ABOUT THIS EXERCISE: Give back all of the data verbatim.

THE RECORDS Block Start

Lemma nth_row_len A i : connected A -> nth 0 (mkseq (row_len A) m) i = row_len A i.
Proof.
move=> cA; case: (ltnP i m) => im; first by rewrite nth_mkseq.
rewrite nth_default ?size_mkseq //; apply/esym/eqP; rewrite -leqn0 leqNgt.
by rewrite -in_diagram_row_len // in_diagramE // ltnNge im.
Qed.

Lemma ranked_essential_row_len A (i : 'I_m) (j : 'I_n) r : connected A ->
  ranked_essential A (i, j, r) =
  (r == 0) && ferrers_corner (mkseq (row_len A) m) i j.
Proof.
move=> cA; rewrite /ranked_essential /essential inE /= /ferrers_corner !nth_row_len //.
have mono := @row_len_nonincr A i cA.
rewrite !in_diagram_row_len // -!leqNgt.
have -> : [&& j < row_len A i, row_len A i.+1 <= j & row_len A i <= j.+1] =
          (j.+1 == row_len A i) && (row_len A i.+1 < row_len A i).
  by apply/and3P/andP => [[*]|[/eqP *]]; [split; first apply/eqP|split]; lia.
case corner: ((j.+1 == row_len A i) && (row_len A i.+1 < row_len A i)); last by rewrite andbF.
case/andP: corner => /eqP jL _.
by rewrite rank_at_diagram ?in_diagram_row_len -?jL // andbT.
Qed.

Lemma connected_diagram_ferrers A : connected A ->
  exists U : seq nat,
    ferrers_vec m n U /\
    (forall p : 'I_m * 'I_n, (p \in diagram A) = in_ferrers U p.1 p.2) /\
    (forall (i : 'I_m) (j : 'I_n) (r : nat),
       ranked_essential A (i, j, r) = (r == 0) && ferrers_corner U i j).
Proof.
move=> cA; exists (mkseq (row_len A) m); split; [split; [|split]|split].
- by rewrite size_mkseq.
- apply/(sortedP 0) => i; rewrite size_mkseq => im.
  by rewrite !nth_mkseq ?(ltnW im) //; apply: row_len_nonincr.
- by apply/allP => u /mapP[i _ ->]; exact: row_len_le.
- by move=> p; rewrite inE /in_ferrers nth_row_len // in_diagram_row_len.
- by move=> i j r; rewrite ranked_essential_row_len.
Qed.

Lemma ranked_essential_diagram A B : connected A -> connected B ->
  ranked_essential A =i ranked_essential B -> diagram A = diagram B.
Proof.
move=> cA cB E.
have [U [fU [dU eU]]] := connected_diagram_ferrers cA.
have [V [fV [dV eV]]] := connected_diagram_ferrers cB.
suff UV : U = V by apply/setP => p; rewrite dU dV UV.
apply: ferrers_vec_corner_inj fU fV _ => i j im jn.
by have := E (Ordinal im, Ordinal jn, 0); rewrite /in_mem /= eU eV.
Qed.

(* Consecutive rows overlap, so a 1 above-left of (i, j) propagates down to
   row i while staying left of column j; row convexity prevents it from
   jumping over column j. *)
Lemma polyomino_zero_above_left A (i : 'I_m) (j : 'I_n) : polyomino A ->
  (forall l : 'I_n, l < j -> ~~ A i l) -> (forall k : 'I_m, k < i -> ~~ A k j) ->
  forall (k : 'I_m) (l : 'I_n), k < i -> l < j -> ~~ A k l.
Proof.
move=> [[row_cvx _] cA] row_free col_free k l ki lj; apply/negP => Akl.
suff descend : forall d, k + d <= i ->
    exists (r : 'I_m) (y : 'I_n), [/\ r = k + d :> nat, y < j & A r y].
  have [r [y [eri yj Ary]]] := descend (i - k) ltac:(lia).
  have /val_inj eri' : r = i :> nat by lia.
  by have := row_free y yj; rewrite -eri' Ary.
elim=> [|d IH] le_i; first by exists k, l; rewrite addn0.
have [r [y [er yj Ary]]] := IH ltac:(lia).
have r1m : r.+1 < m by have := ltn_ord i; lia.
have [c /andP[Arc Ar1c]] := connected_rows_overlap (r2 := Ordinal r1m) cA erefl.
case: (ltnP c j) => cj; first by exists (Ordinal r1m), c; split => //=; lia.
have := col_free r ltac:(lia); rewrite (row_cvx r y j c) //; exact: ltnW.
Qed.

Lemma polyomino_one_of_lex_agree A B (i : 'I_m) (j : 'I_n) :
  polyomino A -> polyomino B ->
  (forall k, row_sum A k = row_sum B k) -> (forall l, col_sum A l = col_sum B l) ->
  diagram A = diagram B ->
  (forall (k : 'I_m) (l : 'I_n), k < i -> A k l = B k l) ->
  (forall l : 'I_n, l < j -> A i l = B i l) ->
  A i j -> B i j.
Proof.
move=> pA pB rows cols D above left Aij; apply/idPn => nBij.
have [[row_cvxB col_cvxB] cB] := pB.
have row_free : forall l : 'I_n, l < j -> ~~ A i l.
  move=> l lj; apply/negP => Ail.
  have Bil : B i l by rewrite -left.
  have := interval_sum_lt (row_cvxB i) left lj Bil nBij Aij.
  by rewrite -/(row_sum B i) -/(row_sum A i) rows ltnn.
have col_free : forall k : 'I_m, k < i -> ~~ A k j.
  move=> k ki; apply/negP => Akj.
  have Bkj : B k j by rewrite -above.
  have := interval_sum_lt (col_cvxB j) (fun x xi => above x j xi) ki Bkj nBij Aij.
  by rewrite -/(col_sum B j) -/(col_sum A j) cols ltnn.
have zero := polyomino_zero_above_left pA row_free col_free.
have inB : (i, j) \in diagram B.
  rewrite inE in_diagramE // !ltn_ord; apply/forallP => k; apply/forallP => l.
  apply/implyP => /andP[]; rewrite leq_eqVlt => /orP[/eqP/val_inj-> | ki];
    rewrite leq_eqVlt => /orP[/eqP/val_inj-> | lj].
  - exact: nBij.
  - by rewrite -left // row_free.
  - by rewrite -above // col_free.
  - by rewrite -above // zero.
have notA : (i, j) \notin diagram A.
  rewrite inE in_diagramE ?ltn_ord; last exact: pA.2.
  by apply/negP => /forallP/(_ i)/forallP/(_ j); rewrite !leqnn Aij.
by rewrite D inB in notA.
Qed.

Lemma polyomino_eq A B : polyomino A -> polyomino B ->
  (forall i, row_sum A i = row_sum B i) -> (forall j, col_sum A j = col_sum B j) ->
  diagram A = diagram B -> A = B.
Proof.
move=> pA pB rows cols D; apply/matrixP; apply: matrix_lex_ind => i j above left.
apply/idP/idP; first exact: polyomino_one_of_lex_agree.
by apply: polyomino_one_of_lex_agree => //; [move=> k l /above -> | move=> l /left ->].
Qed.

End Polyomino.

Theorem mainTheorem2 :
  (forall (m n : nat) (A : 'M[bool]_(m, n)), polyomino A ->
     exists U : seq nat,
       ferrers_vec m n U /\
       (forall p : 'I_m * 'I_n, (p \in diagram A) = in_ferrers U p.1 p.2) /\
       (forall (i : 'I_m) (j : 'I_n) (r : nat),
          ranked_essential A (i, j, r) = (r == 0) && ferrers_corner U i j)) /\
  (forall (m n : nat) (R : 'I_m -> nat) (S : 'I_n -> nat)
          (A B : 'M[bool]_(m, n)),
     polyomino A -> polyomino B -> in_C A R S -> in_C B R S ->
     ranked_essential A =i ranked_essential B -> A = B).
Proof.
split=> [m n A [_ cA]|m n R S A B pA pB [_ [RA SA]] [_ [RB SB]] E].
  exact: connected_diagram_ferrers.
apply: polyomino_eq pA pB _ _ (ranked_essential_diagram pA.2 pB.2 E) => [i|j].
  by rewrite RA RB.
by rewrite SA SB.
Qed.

THE RECORDS Block End

WRITTEN ANSWER:
Lemma nth_row_len A i : connected A -> nth 0 (mkseq (row_len A) m) i = row_len A i.
Proof.
move=> cA; case: (ltnP i m) => im; first by rewrite nth_mkseq.
rewrite nth_default ?size_mkseq //; apply/esym/eqP; rewrite -leqn0 leqNgt.
by rewrite -in_diagram_row_len // in_diagramE // ltnNge im.
Qed.

Lemma ranked_essential_row_len A (i : 'I_m) (j : 'I_n) r : connected A ->
  ranked_essential A (i, j, r) =
  (r == 0) && ferrers_corner (mkseq (row_len A) m) i j.
Proof.
move=> cA; rewrite /ranked_essential /essential inE /= /ferrers_corner !nth_row_len //.
have mono := @row_len_nonincr A i cA.
rewrite !in_diagram_row_len // -!leqNgt.
have -> : [&& j < row_len A i, row_len A i.+1 <= j & row_len A i <= j.+1] =
          (j.+1 == row_len A i) && (row_len A i.+1 < row_len A i).
  by apply/and3P/andP => [[*]|[/eqP *]]; [split; first apply/eqP|split]; lia.
case corner: ((j.+1 == row_len A i) && (row_len A i.+1 < row_len A i)); last by rewrite andbF.
case/andP: corner => /eqP jL _.
by rewrite rank_at_diagram ?in_diagram_row_len -?jL // andbT.
Qed.

Lemma connected_diagram_ferrers A : connected A ->
  exists U : seq nat,
    ferrers_vec m n U /\
    (forall p : 'I_m * 'I_n, (p \in diagram A) = in_ferrers U p.1 p.2) /\
    (forall (i : 'I_m) (j : 'I_n) (r : nat),
       ranked_essential A (i, j, r) = (r == 0) && ferrers_corner U i j).
Proof.
move=> cA; exists (mkseq (row_len A) m); split; [split; [|split]|split].
- by rewrite size_mkseq.
- apply/(sortedP 0) => i; rewrite size_mkseq => im.
  by rewrite !nth_mkseq ?(ltnW im) //; apply: row_len_nonincr.
- by apply/allP => u /mapP[i _ ->]; exact: row_len_le.
- by move=> p; rewrite inE /in_ferrers nth_row_len // in_diagram_row_len.
- by move=> i j r; rewrite ranked_essential_row_len.
Qed.

Lemma ranked_essential_diagram A B : connected A -> connected B ->
  ranked_essential A =i ranked_essential B -> diagram A = diagram B.
Proof.
move=> cA cB E.
have [U [fU [dU eU]]] := connected_diagram_ferrers cA.
have [V [fV [dV eV]]] := connected_diagram_ferrers cB.
suff UV : U = V by apply/setP => p; rewrite dU dV UV.
apply: ferrers_vec_corner_inj fU fV _ => i j im jn.
by have := E (Ordinal im, Ordinal jn, 0); rewrite /in_mem /= eU eV.
Qed.

(* Consecutive rows overlap, so a 1 above-left of (i, j) propagates down to
   row i while staying left of column j; row convexity prevents it from
   jumping over column j. *)
Lemma polyomino_zero_above_left A (i : 'I_m) (j : 'I_n) : polyomino A ->
  (forall l : 'I_n, l < j -> ~~ A i l) -> (forall k : 'I_m, k < i -> ~~ A k j) ->
  forall (k : 'I_m) (l : 'I_n), k < i -> l < j -> ~~ A k l.
Proof.
move=> [[row_cvx _] cA] row_free col_free k l ki lj; apply/negP => Akl.
suff descend : forall d, k + d <= i ->
    exists (r : 'I_m) (y : 'I_n), [/\ r = k + d :> nat, y < j & A r y].
  have [r [y [eri yj Ary]]] := descend (i - k) ltac:(lia).
  have /val_inj eri' : r = i :> nat by lia.
  by have := row_free y yj; rewrite -eri' Ary.
elim=> [|d IH] le_i; first by exists k, l; rewrite addn0.
have [r [y [er yj Ary]]] := IH ltac:(lia).
have r1m : r.+1 < m by have := ltn_ord i; lia.
have [c /andP[Arc Ar1c]] := connected_rows_overlap (r2 := Ordinal r1m) cA erefl.
case: (ltnP c j) => cj; first by exists (Ordinal r1m), c; split => //=; lia.
have := col_free r ltac:(lia); rewrite (row_cvx r y j c) //; exact: ltnW.
Qed.

Lemma polyomino_one_of_lex_agree A B (i : 'I_m) (j : 'I_n) :
  polyomino A -> polyomino B ->
  (forall k, row_sum A k = row_sum B k) -> (forall l, col_sum A l = col_sum B l) ->
  diagram A = diagram B ->
  (forall (k : 'I_m) (l : 'I_n), k < i -> A k l = B k l) ->
  (forall l : 'I_n, l < j -> A i l = B i l) ->
  A i j -> B i j.
Proof.
move=> pA pB rows cols D above left Aij; apply/idPn => nBij.
have [[row_cvxB col_cvxB] cB] := pB.
have row_free : forall l : 'I_n, l < j -> ~~ A i l.
  move=> l lj; apply/negP => Ail.
  have Bil : B i l by rewrite -left.
  have := interval_sum_lt (row_cvxB i) left lj Bil nBij Aij.
  by rewrite -/(row_sum B i) -/(row_sum A i) rows ltnn.
have col_free : forall k : 'I_m, k < i -> ~~ A k j.
  move=> k ki; apply/negP => Akj.
  have Bkj : B k j by rewrite -above.
  have := interval_sum_lt (col_cvxB j) (fun x xi => above x j xi) ki Bkj nBij Aij.
  by rewrite -/(col_sum B j) -/(col_sum A j) cols ltnn.
have zero := polyomino_zero_above_left pA row_free col_free.
have inB : (i, j) \in diagram B.
  rewrite inE in_diagramE // !ltn_ord; apply/forallP => k; apply/forallP => l.
  apply/implyP => /andP[]; rewrite leq_eqVlt => /orP[/eqP/val_inj-> | ki];
    rewrite leq_eqVlt => /orP[/eqP/val_inj-> | lj].
  - exact: nBij.
  - by rewrite -left // row_free.
  - by rewrite -above // col_free.
  - by rewrite -above // zero.
have notA : (i, j) \notin diagram A.
  rewrite inE in_diagramE ?ltn_ord; last exact: pA.2.
  by apply/negP => /forallP/(_ i)/forallP/(_ j); rewrite !leqnn Aij.
by rewrite D inB in notA.
Qed.

Lemma polyomino_eq A B : polyomino A -> polyomino B ->
  (forall i, row_sum A i = row_sum B i) -> (forall j, col_sum A j = col_sum B j) ->
  diagram A = diagram B -> A = B.
Proof.
move=> pA pB rows cols D; apply/matrixP; apply: matrix_lex_ind => i j above left.
apply/idP/idP; first exact: polyomino_one_of_lex_agree.
by apply: polyomino_one_of_lex_agree => //; [move=> k l /above -> | move=> l /left ->].
Qed.

End Polyomino.

Theorem mainTheorem2 :
  (forall (m n : nat) (A : 'M[bool]_(m, n)), polyomino A ->
     exists U : seq nat,
       ferrers_vec m n U /\
       (forall p : 'I_m * 'I_n, (p \in diagram A) = in_ferrers U p.1 p.2) /\
       (forall (i : 'I_m) (j : 'I_n) (r : nat),
          ranked_essential A (i, j, r) = (r == 0) && ferrers_corner U i j)) /\
  (forall (m n : nat) (R : 'I_m -> nat) (S : 'I_n -> nat)
          (A B : 'M[bool]_(m, n)),
     polyomino A -> polyomino B -> in_C A R S -> in_C B R S ->
     ranked_essential A =i ranked_essential B -> A = B).
Proof.
split=> [m n A [_ cA]|m n R S A B pA pB [_ [RA SA]] [_ [RB SB]] E].
  exact: connected_diagram_ferrers.
apply: polyomino_eq pA pB _ _ (ranked_essential_diagram pA.2 pB.2 E) => [i|j].
  by rewrite RA RB.
by rewrite SA SB.
Qed.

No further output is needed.